Assim, a melhor forma de compreender toda essa manifestação de liberdade na obra Contrato Social é entender que o ser humano deve agir com autonomia, sendo senhor ou legislador de suas próprias leis:
Xxxxxxxx define liberdade, nessa obra, como a obediência que o homem deve à lei que se determinou a si mesmo, ou seja, a lei que ajudou a elaborar a partir do que há de comum nas vontades particulares. A liberdade, para o filósofo, torna o homem senhor de si mesmo, com autonomia da vontade, e não escravo, quando age por impulso. (BRIGHENTE; POI, 2013, p. 21.756).
Assim, a liberdade é uma das implicações diretas do conceito de autonomia na obra Contrato Social de Xxxxxxxx. Quando a liberdade positiva é obstruída por outrem, temos o cerceamento da liberdade política e o impedimento da livre atuação civil (cf. BERLIN, 2002, p. 229). Em sociedade civil, a liberdade positiva é expressa na autonomia dos homens em criar as leis que eles irão obedecer, já que são necessários argumentos para sustentar as normas, como disserta Berlin (2002, p. 105): “Quando perguntamos por que um homem deve obedecer, estamos pedindo explicação do que é normativo em noções como autoridade, soberania, liberdade e a justificação de sua validade em argumentos políticos. ”

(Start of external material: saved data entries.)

Lemma msubst0_ssubst_mu (t : term) s z r (l : list term) (w : term) :
  msubst (ssubst (fun n => lift_mu 0 (s n)) (up_ren z) (up_stacks l r) t) 0
    (lift_mu 0 w) =
  ssubst (fun n => lift_mu 0 (s n)) (up_ren z) (up_stacks (l ++ [w]) r) t.
Proof.
  rewrite msubst_ssubst. f_equal.
  - apply functional_extensionality; intros n. apply msubst_lift_mu_fresh.
  - apply functional_extensionality; intros [|b]; simpl; unfold up_stacks.
    + rewrite map_app, map_map. f_equal. apply map_ext.
      intros; apply msubst_lift_mu_fresh.
    + rewrite app_nil_r, map_map. apply map_ext. intros; apply msubst_lift_mu_fresh.
Qed.

Lemma red_ctx (f : term -> term) :
  (forall t t', step t t' -> step (f t) (f t')) ->
  forall t t', red t t' -> red (f t) (f t').
Proof.
  intros Hf t t' H. induction H.
  - apply rt_step. auto.
  - apply rt_refl.
  - eapply rt_trans; eauto.
Qed.

Lemma step_apply_stack (p : list term) (t t' : term) :
  step t t' -> step (apply_stack t p) (apply_stack t' p).
Proof. revert t t'; induction p; intros; simpl; auto. apply IHp. constructor. auto. Qed.

Lemma red_apply_stack (p : list term) (t t' : term) :
  red t t' -> red (apply_stack t p) (apply_stack t' p).
Proof. apply red_ctx. apply step_apply_stack. Qed.

Lemma red_apply_stack_mu (p : list term) s z r (l : list term) (t : term) :
  red (apply_stack (Mu (ssubst (fun n => lift_mu 0 (s n)) (up_ren z)
                                (up_stacks l r) t)) p)
      (Mu (ssubst (fun n => lift_mu 0 (s n)) (up_ren z) (up_stacks (l ++ p) r) t)).
Proof.
  revert l; induction p as [|w p IHp]; intros l.
  - rewrite app_nil_r. apply rt_refl.
  - simpl. eapply rt_trans.
    + apply rt_step. apply step_apply_stack. apply step_mu.
    + rewrite msubst0_ssubst_mu.
      replace (l ++ w :: p) with ((l ++ [w]) ++ p) by (rewrite <- app_assoc; reflexivity).
      apply IHp.
Qed.

(** * Realizability *)

Section Realizability.

Variable x : nat.

Definition reduces_into_M (t : term) : Prop := exists m, M (Var x) m /\ red t m.

Definition realizer (S : list term -> Prop) (t : term) : Prop :=
  forall z p, S p -> reduces_into_M (apply_stack (mren z t) p).

Fixpoint stack_of (A : type) : list term -> Prop :=
  match A with
  | TVar _ => Forall (fun t => exists y, t = Var y)
  | TBot => fun p => p = []
  | TArr A B => fun p => exists u p', p = u :: p' /\
      realizer (stack_of A) u /\ stack_of B p'
  end.

Definition realizes (A : type) : term -> Prop := realizer (stack_of A).

Lemma reduces_into_M_expand (t t' : term) :
  red t t' -> reduces_into_M t' -> reduces_into_M t.
Proof. intros H [m [Hm Hr]]. exists m. split; auto. eapply rt_trans; eauto. Qed.

Lemma reduces_into_M_mu (t : term) : reduces_into_M t -> reduces_into_M (Mu t).
Proof.
  intros [m [Hm Hr]]. exists (Mu m). split.
  - constructor; auto.
  - apply red_ctx; auto. intros. constructor; auto.
Qed.

Lemma reduces_into_M_mapp (a : nat) (t : term) :
  reduces_into_M t -> reduces_into_M (MApp a t).
Proof.
  intros [m [Hm Hr]]. exists (MApp a m). split.
  - constructor; auto.
  - apply red_ctx; auto. intros. constructor; auto.
Qed.

Lemma stack_of_mren (A : type) (p : list term) (z : nat -> nat) :
  stack_of A p -> stack_of A (map (mren z) p).
Proof.
  revert p; induction A; simpl; intros p H.
  - induction H as [|t p [y ->]]; simpl; constructor; eauto.
  - subst; reflexivity.
  - destruct H as (u & p' & -> & Hu & Hp).
    exists (mren z u), (map (mren z) p'). repeat split; auto.
    intros z0 p0 H0. rewrite mren_mren. auto.
Qed.

Lemma stack_of_lift_mu (A : type) (p : list term) (c : nat) :
  stack_of A p -> stack_of A (map (lift_mu c) p).
Proof.
  intros H. erewrite map_ext by (intros; apply lift_mu_mren).
  apply stack_of_mren; auto.
Qed.

Lemma realizes_mren (A : type) (t : term) (z : nat -> nat) :
  realizes A t -> realizes A (mren z t).
Proof. intros H z' p Hp. rewrite mren_mren. auto. Qed.

Definition realizing_env G D (s : nat -> term) (r : nat -> list term) : Prop :=
  (forall n B, nth_error G n = Some B -> realizes B (s n)) /\
  (forall a B, nth_error D a = Some B -> stack_of B (r a)).

Lemma realizing_env_mren G D s r (z : nat -> nat) :
  realizing_env G D s r ->
  realizing_env G D (fun n => mren z (s n)) (fun a => map (mren z) (r a)).
Proof.
  intros [Hs Hr]. split; intros.
  - apply realizes_mren; eauto.
  - apply stack_of_mren; eauto.
Qed.

Lemma realizing_env_scons G D s r (A : type) (u : term) :
  realizes A u -> realizing_env G D s r ->
  realizing_env (A :: G) D (scons u s) r.
Proof.
  intros Hu [Hs Hr]. split; auto.
  intros [|n] B HB; simpl in HB; [injection HB as <-|]; eauto.
Qed.

Lemma realizing_env_up_stacks G D s r (A : type) (p : list term) :
  stack_of A p -> realizing_env G D s r ->
  realizing_env G (A :: D) (fun n => lift_mu 0 (s n)) (up_stacks p r).
Proof.
  intros Hp [Hs Hr]. split.
  - intros n B HB. rewrite lift_mu_mren. apply realizes_mren. eauto.
  - intros [|a] B HB; simpl in HB; [injection HB as <-|]; apply stack_of_lift_mu; eauto.
Qed.

(* The stack-level form of adequacy, without the renaming in [realizer]:
   renamings can be pushed into the environment by [mren_ssubst]. *)
Definition adequate G D (t : term) (A : type) : Prop :=
  forall s z r p, realizing_env G D s r -> stack_of A p ->
    reduces_into_M (apply_stack (ssubst s z r t) p).

Lemma adequate_realizes G D t A s z r :
  adequate G D t A -> realizing_env G D s r -> realizes A (ssubst s z r t).
Proof.
  intros Ht Hsr z' p Hp. rewrite mren_ssubst.
  apply Ht; auto. apply realizing_env_mren; auto.
Qed.

Lemma adequacy G D (t : term) (A : type) : typing G D t A -> adequate G D t A.
Proof.
  induction 1; intros s z r p Hsr Hp.
  - simpl. rewrite <- (mren_id (s n)). apply (proj1 Hsr n A); auto.
  - destruct Hp as (u & p' & -> & Hu & Hp'). simpl.
    eapply reduces_into_M_expand.
    + apply red_apply_stack, rt_step, step_beta.
    + rewrite subst_ssubst_up. apply IHtyping; auto.
      apply realizing_env_scons; auto.
  - apply (IHtyping1 s z r (ssubst s z r v :: p)); auto.
    exists (ssubst s z r v), p. repeat split; auto.
    exact (adequate_realizes G D v A s z r IHtyping2 Hsr).
  - simpl. eapply reduces_into_M_expand; [apply red_apply_stack_mu|].
    apply reduces_into_M_mu. apply (IHtyping _ _ _ []); auto; [|reflexivity].
    apply realizing_env_up_stacks; auto.
  - simpl in Hp; subst p. apply reduces_into_M_mapp.
    apply IHtyping; auto. apply (proj2 Hsr a A); auto.
Qed.

End Realizability.

Theorem mainTheorem7 (e : term) (X : nat) :
  typing nil nil e (TArr TBot (TVar X)) ->
  forall (x : nat) (ys : list nat),
    exists t, M (Var x) t /\ red (apps (App e (Var x)) ys) t.
Proof.
  intros He x ys.
  assert (Henv : realizing_env x nil nil Var (fun _ => [])).
  { split; intros [|n] B HB; discriminate. }
  assert (Hx : realizes x TBot (Var x)).
  { intros z p ->. exists (Var x). split; [constructor | apply rt_refl]. }
  assert (Hys : stack_of x (TVar X) (map Var ys)).
  { apply Forall_forall. intros t Ht. apply in_map_iff in Ht.
    destruct Ht as [y [<- _]]. eauto. }
  destruct (adequacy x _ _ _ _ He Var (fun a => a) (fun _ => [])
              (Var x :: map Var ys) Henv) as [m [Hm Hr]].
  { exists (Var x), (map Var ys). auto. }
  rewrite ssubst_id in Hr. exists m. rewrite apps_apply_stack. auto.
Qed.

A autonomia, como já vimos, é a capacidade de todo o ser humano de auto legislarse. Por vezes, autonomia e liberdade convergem, se entrelaçam e são, às vezes, até considerados sinônimos. Entretanto, quando acirramos as interpretações notamos diferenças conceituais importantes, sobretudo no que tange as afirmações do final do livro I da obra Contrato Social, em que Xxxxxxxx afirma que o pacto social é uma constituição em vão se ele não for obedecido na íntegra ao se manifestar pela vontade geral, já que essa é a condição para que o soberano funcione como legitimador da liberdade (cf. XXXXXXXX, 2006, p. 29). Portanto, é evidente que Xxxxxxxx demonstra “restrições” ou “coerções” à liberdade natural individual para libertar o ser humano ou
tornálo um “homem livre”:
Ninguém negaria, é verdade, que a vida em sociedade exige restrições da liberdade de cada indivíduo para tornála compatível com a liberdade dos demais. O que surpreende na afirmação de Xxxxxxxx não é que coerções devam ser impostas, mas que sejam elas, essencialmente, que tornem o homem livre. (MARQUES, 2010a, p. 103).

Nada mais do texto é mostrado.